Specialist medical company Abano Healthcare's after-tax annual net profit of $4.4 million met forecasts, but was less than half its record result for the previous year due to a slowdown at its Australian audiology business, and ACC changes.
Abano's revenue of $178.1m for the year ended May 31 compared with $187m the previous year, and earnings before interest, tax, depreciation and amortisation of $20.2m undershot ebitda of $31.5m a year earlier.

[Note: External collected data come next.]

(* Let $X$ be a connected weighted graph. Then the subdivision $S(X)$ is nonsingular (i.e. $A(S(X))$ is invertible) if and only if $X$ is unicyclic and its unique cycle $C_p$, with the weights it inherits from $X$, has nonsingular subdivision $S(C_p)$.
   Context: Graphs are simple, undirected, with nonzero real edge weights; $A(\cdot)$ is the weighted adjacency matrix. The subdivision $S(X)$ of a weighted graph $X$ is obtained by replacing each edge $\{u,v\}$ of weight $\omega$ by a new vertex $w$ and two edges $\{u,w\},\{w,v\}$, each of weight $\omega$. *)

From HB Require Import structures.
From mathcomp Require Import all_boot all_order all_algebra.
Set Implicit Arguments. Unset Strict Implicit. Unset Printing Implicit Defensive.
Import Order.TTheory GRing.Theory Num.Theory.
Local Open Scope ring_scope.

(* A weighted simple graph on a finite vertex type T is given by a weight
   function w : T -> T -> R (assumed symmetric, zero on the diagonal);
   {x,y} is an edge, of weight w x y, iff x != y and w x y != 0. *)
Section WGraph.
Variables (R : realFieldType) (T : finType) (w : T -> T -> R).

Definition adj (x y : T) : bool := (x != y) && (w x y != 0).

Definition edges : {set {set T}} :=
  [set e | [exists x, exists y, adj x y && (e == [set x; y])]].

Definition edge_t := {e : {set T} | e \in edges}.

(* Weight of the subdivision edge between vertex v and edge-vertex e:
   the weight of e if v is an endpoint of e, and 0 otherwise. *)
Definition inc (v : T) (e : edge_t) : R :=
  if v \in val e then \sum_(u in val e :\ v) w v u else 0.

Definition S_adj (a b : (T + edge_t)%type) : R :=
  match a, b with
  | inl v, inr e => inc v e
  | inr e, inl v => inc v e
  | _, _ => 0
  end.

Definition connectedw : Prop := forall x y : T, connect adj x y.

Definition is_cycle (C : {set T}) (F : {set {set T}}) : Prop :=
  [/\ F \subset edges,
      forall e, e \in F -> e \subset C,
      (2 < #|C|)%N,
      forall v, v \in C -> #|[set e in F | v \in e]| = 2%N &
      forall x y, x \in C -> y \in C ->
        connect (fun a b => [set a; b] \in F) x y].

Definition cyc_weight (C : {set T}) (F : {set {set T}})
  (x y : {x : T | x \in C}) : R :=
  if [set val x; val y] \in F then w (val x) (val y) else 0.

End WGraph.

Both were in line with a company forecast in March.
A one-off gain of $77.1m following the sale of Bay Audiology in November, and a non-cash write-down of $4.5m on the Abano Rehabilitation brain injury business after ACC funding changes hurt profitability, resulted in a consolidated group net profit of $76.9m.

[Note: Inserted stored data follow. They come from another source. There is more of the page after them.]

Ltac qelim := repeat (let a := fresh "a" in move=> a; case: (clsP a) => ? ->).
Ltac qlaw := qelim; rewrite ?qoppE !(qaddE, qmulE); apply/cls_eq/qeq_tcong.

Lemma qaddA : associative qadd. Proof. qlaw; exact: qeq_addA. Qed.
Lemma qaddC : commutative qadd. Proof. qlaw; exact: qeq_addC. Qed.
Lemma qadd0 : left_id qzero qadd. Proof. qlaw; exact: qeq_add0. Qed.
Lemma qaddN : left_inverse qzero qopp qadd.
Proof. qlaw; rewrite qeq_addC -/(QSub _ _) qeq_subss; reflexivity. Qed.
Lemma qmulA : associative qmul. Proof. qlaw; exact: qeq_mulA. Qed.
Lemma qmul1 : left_id qone qmul. Proof. qlaw; exact: qeq_mul1l. Qed.
Lemma qmulr1 : right_id qone qmul. Proof. qlaw; exact: qeq_mul1r. Qed.
Lemma qmulDl : left_distributive qmul qadd. Proof. qlaw; exact: qeq_mulDl. Qed.
Lemma qmulDr : right_distributive qmul qadd. Proof. qlaw; exact: qeq_mulDr. Qed.

HB.instance Definition _ := GRing.isNzRing.Build Q qaddA qaddC qadd0 qaddN
  qmulA qmul1 qmulr1 qmulDl qmulDr qone_neq0.

Lemma clsD t s : cls (QAdd t s) = cls t + cls s. Proof. by rewrite -qaddE. Qed.
Lemma clsM t s : cls (QMul t s) = cls t * cls s. Proof. by rewrite -qmulE. Qed.
Lemma clsN1 t : cls (QMul (QConst (-1)) t) = - cls t. Proof. by rewrite -qoppE. Qed.
Lemma clsB t s : cls (QSub t s) = cls t - cls s. Proof. by rewrite clsD clsN1. Qed.

Lemma cls0P (p : qt) : cls p = 0 <-> inTideal_Q2 p.
Proof. by rewrite -tcong0; exact: cls_eq. Qed.

Definition scal (c : F) : Q := cls (QConst c).

Lemma scal_is_zmod_morphism : GRing.zmod_morphism scal.
Proof.
move=> a b; rewrite /scal -clsB; apply/cls_eq/qeq_tcong.
rewrite /QSub -qeq_constM mulN1r qeq_constD; reflexivity.
Qed.
Lemma scal_is_monoid_morphism : GRing.monoid_morphism scal.
Proof. by split => [//|a b]; rewrite /scal -clsM; apply/cls_eq/qeq_tcong/qeq_constM. Qed.
HB.instance Definition _ := GRing.isZmodMorphism.Build F Q scal scal_is_zmod_morphism.
HB.instance Definition _ :=
  GRing.isMonoidMorphism.Build F Q scal scal_is_monoid_morphism.

Definition evalQ (rho : nat -> 'M[F]_2) (a : Q) : 'M[F]_2 := qeval rho (rep a).

Lemma evalQ_cls rho t : evalQ rho (cls t) = qeval rho t.
Proof. exact/qeval_tcong/tcong_rep. Qed.

Section EvalMorphism.
Variable rho : nat -> 'M[F]_2.
Lemma evalQ_is_zmod_morphism : GRing.zmod_morphism (evalQ rho).
Proof. by qelim; rewrite -clsB !evalQ_cls /= mul_scalar_mx scaleN1r. Qed.
Lemma evalQ_is_monoid_morphism : GRing.monoid_morphism (evalQ rho).
Proof. by split; [exact: evalQ_cls|qelim; rewrite -clsM !evalQ_cls]. Qed.
HB.instance Definition _ := GRing.isZmodMorphism.Build Q 'M[F]_2 (evalQ rho)
  evalQ_is_zmod_morphism.
HB.instance Definition _ := GRing.isMonoidMorphism.Build Q 'M[F]_2 (evalQ rho)
  evalQ_is_monoid_morphism.
End EvalMorphism.

Fixpoint central (t : qt) : bool :=
  match t with
  | QVar _ => false
  | QEnt _ _ _ | QConst _ => true
  | QAdd p q | QMul p q => central p && central q
  end.

Lemma central_comm (c : qt) : central c -> forall z : Q, cls c * z = z * cls c.
Proof.
elim: c => [//|k i j|a|p IHp q IHq|p IHp q IHq] /= hc z;
  case: (clsP z) => s ->.
- by rewrite -!clsM; apply/cls_eq/qeq_tcong/qeq_entC.
- by rewrite -!clsM; apply/cls_eq/qeq_tcong/qeq_constC.
- by case/andP: hc => hp hq; rewrite clsD mulrDl mulrDr IHp // IHq.
- by case/andP: hc => hp hq; rewrite clsM -mulrA IHq // mulrA IHp // mulrA.
Qed.

Lemma gen_central (t : qt) i j :
  central (gen t i j) && (two_var t ==> two_var (gen t i j)).
Proof.
elim: t i j => [l|l a b|c|p IHp q IHq|p IHp q IHq] i j //=.
- by rewrite implybb.
- by case: (i == j); rewrite /= ?implybb ?implybT.
- by case: (i == j); rewrite /= ?implybb ?implybT.
- move: (IHp i j) (IHq i j) => /andP[-> h1] /andP[-> h2] /=.
  by apply/implyP => /andP[/(implyP h1) -> /(implyP h2) ->].
- move: (IHp i ord0) (IHq ord0 j) (IHp i (@Ordinal 2 1 isT))
    (IHq (@Ordinal 2 1 isT) j) => /andP[-> h1] /andP[-> h2] /andP[-> h3] /andP[-> h4].
  apply/implyP => /andP[hp hq] /=.
  by rewrite (implyP h1 hp) (implyP h2 hq) (implyP h3 hp) (implyP h4 hq).
Qed.

(* Classes of central quasi-polynomials in the entries of x_0 and x_1: these
   are the coefficients of the normal form. *)
Definition coef2 (z : Q) := exists c, [/\ central c, two_var c & z = cls c].

Lemma coef2_comm z w : coef2 z -> z * w = w * z.
Proof. by case=> c [hc _ ->]; apply: central_comm. Qed.

Lemma coef2_commA z w u : coef2 z -> w * (z * u) = z * (w * u).
Proof. by move=> h; rewrite mulrA -(coef2_comm w h) mulrA. Qed.

Lemma coef2D z w : coef2 z -> coef2 w -> coef2 (z + w).
Proof.
case=> c [h1 h2 ->] [d [h3 h4 ->]].
by exists (QAdd c d); rewrite /= h1 h2 h3 h4 clsD.
Qed.

Lemma coef2M z w : coef2 z -> coef2 w -> coef2 (z * w).
Proof.
case=> c [h1 h2 ->] [d [h3 h4 ->]].
by exists (QMul c d); rewrite /= h1 h2 h3 h4 clsM.
Qed.

Lemma coef2_scal c : coef2 (scal c).
Proof. by exists (QConst c). Qed.

Lemma coef2N z : coef2 z -> coef2 (- z).
Proof. by move=> h; rewrite -mulN1r -(rmorphN1 scal); apply/coef2M/h/coef2_scal. Qed.

Lemma coef2_gen t i j : two_var t -> coef2 (cls (gen t i j)).
Proof.
move=> h; case/andP: (gen_central t i j) => h1 /implyP h2.
by exists (gen t i j); split => //; apply: h2.
Qed.

Lemma coef2_tr t : two_var t -> coef2 (cls (qtr t)).
Proof. by move=> h; rewrite /qtr clsD; apply: coef2D; apply: coef2_gen. Qed.

Lemma CH_Q (a b : qt) :
  cls a * cls b + cls b * cls a = cls (qtr a) * cls b + cls (qtr b) * cls a
    - cls (qtr a) * cls (qtr b) + cls (qtr (QMul a b)).
Proof.
pose ab k := if k == 0%N then a else b.
have /cls0P : inTideal_Q2 (QSub (QAdd (QSub (QSub (QAdd (QMul a b) (QMul b a))
    (QMul (qtr a) b)) (QMul (qtr b) a)) (QMul (qtr a) (qtr b))) (qtr (QMul a b))).
  exact (TI_subst ab (TI_gen F)).
by rewrite !(clsB, clsD, clsM); apply: subr_solve.
Qed.

End TIdeal.

Section NormalForm.
Variable F : fieldType.
Hypothesis charF0 : [pchar F] =i pred0.
Local Notation qt := (qterm F).
Local Notation x := (cls (QVar 0 : qt)).
Local Notation y := (cls (QVar 1 : qt)).

Lemma halveK (w : Q F) : scal (2%:R^-1 : F) * (w + w) = w.
Proof.
have h2 : (2%:R : F) != 0 by rewrite (pcharf0P _).1.
have e : (2%:R^-1 + 2%:R^-1 : F) = 1 by field.
by rewrite mulrDr -mulrDl -rmorphD e rmorph1 mul1r.
Qed.

(* z^2 = tr(z) z - det(z), where det(z) = (tr(z)^2 - tr(z^2))/2 is central. *)
Lemma square_form (Z : qt) : two_var Z ->
  exists2 d, coef2 d & cls Z * cls Z = cls (qtr Z) * cls Z + d.
Proof.
move=> hZ; have hZZ : two_var (QMul Z Z) by rewrite /= hZ.
set z := cls Z; set tz := cls (qtr Z); set T := cls (qtr (QMul Z Z)).
exists (scal (2%:R^-1 : F) * (T - tz * tz)).
  apply: coef2M; first exact: coef2_scal.
  by apply: coef2D; [exact: coef2_tr|apply/coef2N/coef2M; exact: coef2_tr].
rewrite -{1}(halveK (z * z)) CH_Q -/z -/tz -/T -[X in _ = X + _](halveK (tz * z)).
by rewrite -[RHS]mulrDr -addrA (addrC (- _)).
Qed.

Definition in_span (s : Q F) := exists a b c d,
  [/\ coef2 a, coef2 b, coef2 c, coef2 d & s = a + b * x + c * y + d * (x * y)].

Lemma span_add s t : in_span s -> in_span t -> in_span (s + t).
Proof.
case=> [a [b [c [d [ha hb hc hd ->]]]]] [a' [b' [c' [d' [ha' hb' hc' hd' ->]]]]].
exists (a + a'), (b + b'), (c + c'), (d + d'); split; try exact: coef2D.
by rewrite !mulrDl (addrACA (_ + _ + _)) (addrACA (a + _)) (addrACA a).
Qed.

Lemma span_cmul z s : coef2 z -> in_span s -> in_span (z * s).
Proof.
move=> hz [a [b [c [d [ha hb hc hd ->]]]]].
exists (z * a), (z * b), (z * c), (z * d); split; try exact: coef2M.
by rewrite !mulrDr !mulrA.
Qed.

Lemma span_opp s : in_span s -> in_span (- s).
Proof. by rewrite -mulN1r -(rmorphN1 (@scal F)); apply/span_cmul/coef2_scal. Qed.

Lemma span_sub s t : in_span s -> in_span t -> in_span (s - t).
Proof. by move=> hs /span_opp; apply: span_add. Qed.

Lemma span_basis a b c d : coef2 a -> coef2 b -> coef2 c -> coef2 d ->
  in_span (a + b * x + c * y + d * (x * y)).
Proof. by exists a, b, c, d. Qed.

Let c0 := coef2_scal (0 : F).
Let c1 := coef2_scal (1 : F).

Lemma span_coef z : coef2 z -> in_span z.
Proof.
move=> hz; have := span_basis hz c0 c0 c0.
by rewrite rmorph0 !mul0r !addr0.
Qed.

Lemma span_x : in_span x.
Proof.
by have := span_basis c0 c1 c0 c0;
  rewrite rmorph0 rmorph1 !mul0r mul1r add0r !addr0.
Qed.

Lemma span_y : in_span y.
Proof.
by have := span_basis c0 c0 c1 c0;
  rewrite rmorph0 rmorph1 !mul0r mul1r !add0r addr0.
Qed.

Lemma span_xy : in_span (x * y).
Proof.
by have := span_basis c0 c0 c0 c1;
  rewrite rmorph0 rmorph1 !mul0r mul1r !add0r.
Qed.

(* Left multiplication by u preserves the span as soon as it maps the
   basis 1, x, y, xy into it, since u commutes with central coefficients. *)
Lemma span_lmul u : in_span u -> in_span (u * x) -> in_span (u * y) ->
  in_span (u * (x * y)) -> forall s, in_span s -> in_span (u * s).
Proof.
move=> h1 hx hy hxy s [a [b [c [d [ha hb hc hd ->]]]]].
rewrite !mulrDr -(coef2_comm u ha) (coef2_commA _ _ hb) (coef2_commA _ _ hc).
rewrite (coef2_commA _ _ hd).
by do 3?apply: span_add; apply: span_cmul.
Qed.

(* Closure under left multiplication by x uses x^2 = tr(x) x - det(x). *)
Lemma span_lmulx s : in_span s -> in_span (x * s).
Proof.
have [d hd exx] := square_form (isT : two_var (QVar 0 : qt)).
move: s; apply: span_lmul span_x _ span_xy _.
  by rewrite exx; apply: span_add (span_coef hd); apply/span_cmul/span_x/coef2_tr.
rewrite mulrA exx mulrDl -mulrA; apply: span_add.
  exact/span_cmul/span_xy/coef2_tr.
exact/span_cmul/span_y.
Qed.

(* For y we also rewrite yx = -xy + tr(x) y + tr(y) x + central, from the
   polarized Cayley-Hamilton relation. *)
Lemma span_lmuly s : in_span s -> in_span (y * s).
Proof.
have [d hd eyy] := square_form (isT : two_var (QVar 1 : qt)).
have ct0 := coef2_tr (isT : two_var (QVar 0 : qt)).
have ct1 := coef2_tr (isT : two_var (QVar 1 : qt)).
have ct01 := coef2_tr (isT : two_var (QMul (QVar 0) (QVar 1) : qt)).
have eyx : y * x = cls (qtr (QVar 0)) * y + cls (qtr (QVar 1)) * x
    - cls (qtr (QVar 0)) * cls (qtr (QVar 1)) + cls (qtr (QMul (QVar 0) (QVar 1)))
    - x * y by rewrite -CH_Q (addrC (x * y)) addrK.
have hyy : in_span (y * y).
  by rewrite eyy; apply: span_add (span_coef hd); apply: span_cmul span_y.
move: s; apply: (span_lmul span_y _ hyy).
  rewrite eyx; apply: span_sub span_xy; apply: span_add; last exact: span_coef.
  apply: span_sub; last exact/span_coef/coef2M.
  by apply: span_add; [exact: span_cmul ct0 span_y|exact: span_cmul ct1 span_x].
rewrite mulrA eyx !(mulrBl, mulrDl) -!mulrA.
apply: span_sub (span_lmulx hyy); apply: span_add; last exact: span_cmul ct01 span_y.
apply: span_sub; last exact: span_cmul ct0 (span_cmul ct1 span_y).
by apply: span_add; [exact: span_cmul ct0 hyy|exact: span_cmul ct1 span_xy].
Qed.

Lemma span_lmul_cls (t : qt) : two_var t -> forall s, in_span s -> in_span (cls t * s).
Proof.
elim: t => [k|k i j|c|p IHp q IHq|p IHp q IHq] /= ht s hs.
- by case: k ht => [|[|//]] _; [exact: span_lmulx|exact: span_lmuly].
- by apply: span_cmul hs; exists (QEnt k i j).
- exact/span_cmul/hs/coef2_scal.
- case/andP: ht => hp hq; rewrite clsD mulrDl.
  by apply: span_add; [exact: IHp|exact: IHq].
- by case/andP: ht => hp hq; rewrite clsM -mulrA; apply: IHp => //; exact: IHq.
Qed.

Lemma normal_form (t : qt) : two_var t -> in_span (cls t).
Proof.
move=> ht; rewrite -[cls t]mulr1 -(rmorph1 (@scal F)).
exact: span_lmul_cls ht _ (span_coef c1).
Qed.

End NormalForm.

Section IteratedPolynomials.
Variable R : idomainType.

(* Commutative polynomials R[t_0, ..., t_{n-1}], as iterated univariate
   polynomial rings whose outermost variable is t_{n-1}. *)
Fixpoint mpol (n : nat) : idomainType :=
  match n with 0 => R | n'.+1 => {poly mpol n'} end.

Fixpoint pvar (n k : nat) : mpol n :=
  match n return mpol n with
  | 0 => 0
  | n'.+1 => if k == n' then 'X else (pvar n' k)%:P
  end.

The company continued to focus on increasing its audiology businesses in Australia and Asia, dental business in New Zealand and Australia, and radiology in New Zealand, while also continuing to operate its pathology, brain injury rehabilitation and orthotics businesses.

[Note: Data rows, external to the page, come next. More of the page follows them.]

Lemma measure_disjoint_union {s : Space} (mu : set s -> R) (A B : set s) : is_measure mu ->
  borel A -> borel B -> (forall x, A x -> B x -> False) ->
  mu (fun x => A x \/ B x) = mu A + mu B.
Proof.
  intros (Hpos & H0 & Hadd) HA HB Hd.
  set (f := fun n : nat => match n with O => A | 1%nat => B | _ => (fun _ : pt s => False) end).
  assert (Hs : infinite_sum (fun n => mu (f n)) (mu (fun x => exists n, f n x))).
  { apply Hadd.
    - intros [|[|n]]; simpl; auto. apply borel_open. intros x [].
    - intros [|[|n]] [|[|m]] x Hnm H1 H2; simpl in *; try tauto;
      try (apply Hnm; reflexivity); eapply Hd; eauto. }
  replace (fun x => exists n, f n x) with (fun x => A x \/ B x) in Hs.
  2:{ apply set_ext; intros x; split.
      - intros [H|H]; [exists O|exists 1%nat]; auto.
      - intros [[|[|n]] H]; simpl in H; tauto. }
  apply (uniqueness_sum _ _ _ Hs).
  intros eps Heps. exists 1%nat. intros n Hn.
  assert (E : sum_f_R0 (fun n => mu (f n)) n = mu A + mu B).
  { induction n as [|n IH]; [lia|].
    destruct n as [|n]; simpl; [reflexivity|].
    simpl in IH. rewrite IH by lia. simpl. rewrite H0. ring. }
  rewrite E. unfold R_dist. rewrite Rminus_diag, Rabs_R0; auto.
Qed.

Lemma measure_split {s : Space} (mu : set s -> R) (A B : set s) : is_measure mu ->
  borel A -> borel B -> (forall x, A x -> B x) ->
  mu B = mu A + mu (fun x => B x /\ ~ A x).
Proof.
  intros Hm HA HB Hsub.
  rewrite <- measure_disjoint_union; auto.
  - f_equal. apply set_ext; intros x; split.
    + intros H. destruct (classic (A x)); tauto.
    + intros [H|H]; [apply Hsub; auto | tauto].
  - apply borel_diff; auto.
  - tauto.
Qed.

Lemma measure_mono {s : Space} (mu : set s -> R) (A B : set s) : is_measure mu ->
  borel A -> borel B -> (forall x, A x -> B x) -> mu A <= mu B.
Proof.
  intros Hm HA HB Hsub. rewrite (measure_split mu A B) by auto.
  assert (0 <= mu (fun x => B x /\ ~ A x)) by (apply measure_nonneg; auto; apply borel_diff; auto).
  lra.
Qed.
(* Let $n\ge2$ and $W_n=(w_{ij},\ 1\le j<i\le n)$ with $w_{ij}>0$. Then for $1\le j\le n-1$, $$\tau^n_j(T^\triangle_n(W_n))=\prod_{\ell=1}^{j-1}w_{j\ell}\prod_{k=j+1}^nw_{kj}.$$
   Context: Triangular arrays are $X=(x_{ij},\ 1\le j<i\le n)$ of positive reals. Their type is $\tau^n_j(X)=D_{nj}(X)/D_{n,j-1}(X)$ where $D_{n0}(X)=1$ and $D_{nj}(X)=x_{nj}x_{n-1,j-1}\cdots x_{n-j+1,1}$ for $1\le j\le n-1$. Local maps: for $i\ge3$, $l_{i1}$ replaces $x_{i1}$ by $x_{i-1,1}x_{i1}$; for $2\le j$ with $j+1<i$, $l_{ij}$ replaces $(x_{i-1,j-1},x_{i-1,j},x_{i,j-1},x_{ij})=(a,b,c,d)$ by $(bc/(ab+ac),b,c,d(b+c))$, other entries unchanged. For $1\le j\le n-2$, $\rho^{\triangle,n}_j=l_{n-j+1,1}\circ l_{n-j+2,2}\circ\cdots\circ l_{n-1,j-1}\circ l_{nj}$. $r^\triangle_{n,n-1}$ replaces $x_{n,n-1}$ by $1/x_{n,n-1}$. With conventions $x_{i0}=1$, $x_{n+1,n-1}=1$: for $k=0,\dots,\lfloor n/2\rfloor-1$, $b^{\triangle,n}_{n-2k,n-2k-1}$ replaces $x_{n-2k,n-2k-1}$ by $x_{n-2k+1,n-2k-1}x_{n-2k,n-2k-2}/x_{n-2k,n-2k-1}$; for $k=1,\dots,\lfloor(n-1)/2\rfloor$, $b^{\triangle,n}_{n-2k+1,n-2k}$ is the identity. $\rho^{\triangle,n}_{n-1}=b^{\triangle,n}_{2,1}\circ\cdots\circ b^{\triangle,n}_{n,n-1}\circ r^\triangle_{n,n-1}$, $R^\triangle_n=\rho^{\triangle,n}_{n-1}\circ\cdots\circ\rho^{\triangle,n}_1$. $T^\triangle_2(x_{21})=x_{21}$ and for $n\ge3$, $T^\triangle_n(X_n)=R^\triangle_n$ applied to the array whose first $n-1$ rows are $T^\triangle_{n-1}(x_{ij},\ 1\le j<i\le n-1)$ and whose last row is $(x_{n1},\dots,x_{n,n-1})$. *)

(* Triangular arrays X = (x_ij, 1 <= j < i <= n) are encoded
   as functions nat -> nat -> R; only entries with 1 <= j < i <= n matter. *)
From mathcomp Require Import all_boot all_order all_algebra.
Set Implicit Arguments. Unset Strict Implicit. Unset Printing Implicit Defensive.
Import Order.TTheory GRing.Theory Num.Theory.
Local Open Scope ring_scope.

Section Tri.
Variable R : realFieldType.

Definition tarray := nat -> nat -> R.

Definition upd (X : tarray) (i j : nat) (v : R) : tarray :=
  fun a b => if (a == i) && (b == j) then v else X a b.

Definition Dnj (n j : nat) (X : tarray) : R :=
  \prod_(m < j) X (n - m)%N (j - m)%N.

Definition tau (n j : nat) (X : tarray) : R := Dnj n j X / Dnj n j.-1 X.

"Although New Zealand remains our biggest geographical base, Australia and Asia now offer expanded potential and growth opportunities going forward, with revenue sourced from overseas expected to increase to over 35 percent of "Abano's total revenue in the 2011 year," chairwoman Alison Paterson said.
A final dividend of 13.7c per share to be paid on August 17 brings the total dividend to 21c per share, matching the previous year.
Speculation over a possible sale of National Hearing Centre, in which Abano holds a stake, meant the company would delay an on-market share buyback programme, Ms Paterson said.
The dividend reinvestment plan for the full-year dividend was also suspended.
Abano shares closed up 10c at $5.30 before the results were released.